The EMI license governs fiat and e-money activity, covering the fiat on-ramp and off-ramp infrastructure that underpins any cross-border payments product. The CASP authorization covers the crypto-asset side: custody, transfers, exchange functions, and related services.
A firm offering only one without the other operates with a structural gap in its regulated product scope. Ripple’s press release described the combination as enabling “end-to-end regulated crypto payments” available to financial institutions, corporates, and businesses across all 30 EEA countries.
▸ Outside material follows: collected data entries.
(* Let $N\in\mathbb{N}$, $m,M\in(0,1)$ with $m<M$, and $a_1,\dots,a_N\in[m,M]$. For $i\in[N]$ let $M_i=\frac1N\min\{m+(N-1)M,\ (N-2)(a_i-m)+\sum_{j=1}^Na_j\}$. Let $P$ be the intersection of the box $C=[m,M_1]\times\cdots\times[m,M_N]$ with the closed half-spaces $H_i=\{z\in\mathbb{R}^N\mid\sum_{j=1}^Nz_j\le(2N-2)z_i-(N-2)m\}$, $i\in[N]$. Then $P$ is a closed convex polytope in $\mathbb{R}^N$. For $N>2$, $P$ has at most $2^N$ vertices, and its vertices are exactly the points $z^{(K)}$, $K\subseteq[N]$, defined by $z^{(K)}_k=B^{(K)}$ if $k\in K$ and $z^{(K)}_k=M_k$ if $k\in[N]\setminus K$, where $B^{(K)}=\frac{(N-2)m+\sum_{l\in[N]\setminus K}M_l}{2N-2-|K|}$. For $N=1$, $P=\{m\}$, and for $N=2$, $P=\{(t,t)\in\mathbb{R}^2\mid m\le t\le M_1\}$.
   Context: $[N]=\{1,\dots,N\}$. *)

From HB Require Import structures.
From mathcomp Require Import all_boot all_order all_algebra.
From mathcomp Require Import all_classical all_reals all_analysis.
Set Implicit Arguments. Unset Strict Implicit. Unset Printing Implicit Defensive.
Import Order.TTheory GRing.Theory Num.Theory.
Import numFieldTopology.Exports numFieldNormedType.Exports.
Local Open Scope ring_scope.
Local Open Scope classical_set_scope.

(* Points of R^N are row vectors 'rV[R]_N; coordinate k is z ord0 k,
   with indices 'I_N = {0,...,N-1} standing for [N] = {1,...,N}. *)

Definition Mbound (R : realType) (N : nat) (m M : R) (a : 'I_N -> R) (i : 'I_N) : R :=
  N%:R^-1 * Num.min (m + (N%:R - 1) * M)
                    ((N%:R - 2) * (a i - m) + \sum_(j < N) a j).

Definition boxC (R : realType) (N : nat) (m M : R) (a : 'I_N -> R) : set 'rV[R]_N :=
  [set z : 'rV[R]_N | forall k : 'I_N, m <= z ord0 k <= Mbound m M a k].

Definition halfH (R : realType) (N : nat) (m : R) (i : 'I_N) : set 'rV[R]_N :=
  [set z : 'rV[R]_N | \sum_(j < N) z ord0 j <= (2 * N%:R - 2) * z ord0 i - (N%:R - 2) * m].

Definition P8set (R : realType) (N : nat) (m M : R) (a : 'I_N -> R) : set 'rV[R]_N :=
  boxC m M a `&` [set z : 'rV[R]_N | forall i : 'I_N, halfH m i z].

Definition conv_hull_seq (R : realType) (N : nat) (s : seq 'rV[R]_N) : set 'rV[R]_N :=
  [set z : 'rV[R]_N | exists w : 'I_(size s) -> R,
     (forall i, 0 <= w i) /\ \sum_(i < size s) w i = 1 /\
     z = \sum_(i < size s) w i *: s`_i].

Definition is_polytope (R : realType) (N : nat) (P : set 'rV[R]_N) : Prop :=
  exists s : seq 'rV[R]_N, P = conv_hull_seq s.

Definition is_vertex (R : realType) (N : nat) (P : set 'rV[R]_N) (v : 'rV[R]_N) : Prop :=
  P v /\ forall x y (t : R), P x -> P y -> 0 < t -> t < 1 ->
    v = t *: x + (1 - t) *: y -> x = y.

Definition BK (R : realType) (N : nat) (m M : R) (a : 'I_N -> R) (K : {set 'I_N}) : R :=
  ((N%:R - 2) * m + \sum_(l < N | l \notin K) Mbound m M a l)
    / (2 * N%:R - 2 - #|K|%:R).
Cassie Craddock, Managing Director for UK and Europe at Ripple, framed the strategic logic:
“This CASP authorisation means Ripple enters the post-transitional MiCA era fully compliant and ready to scale. The institutions we work with across Europe are looking to build their digital assets services alongside regulated partners, and Ripple is licensed and ready to meet that demand.”
The Bar Is High, and the Field Is Thin
The competitive implications of the July 1 deadline are already visible. Ripple’s press release noted it is “one of a small number of digital asset firms to have full authorization under MiCA,” a description that is accurate given the reported figure of approximately 210 licensed firms out of a much larger pre-MiCA European crypto market.
Adding to a global portfolio of more than 75 regulatory licenses, Ripple brought substantial institutional compliance infrastructure to this process. That resource base is not available to most smaller operators.
The structural challenge for mid-tier exchanges and service providers is not simply the cost of licensing. It is the governance and operational depth that CSSF’s CASP regime requires: prudential capital requirements, organizational controls, senior management accountability, and ongoing supervisory obligations.
Firms that built their European presence on lighter-touch VASP registrations are now being asked to clear a substantially higher bar, and those that cannot meet it face the prospect of the kind of forced strategic contraction that reshapes competitive dynamics quickly.
The regulatory context reinforces why Europe crypto regulation is setting a global precedent. While MiCA tightens the EEA perimeter, parallel frameworks are developing elsewhere. This includes ongoing market debates about Ripple’s positioning in global payments infrastructure and, in the US, the CLARITY Act’s push toward a comparable digital asset classification framework.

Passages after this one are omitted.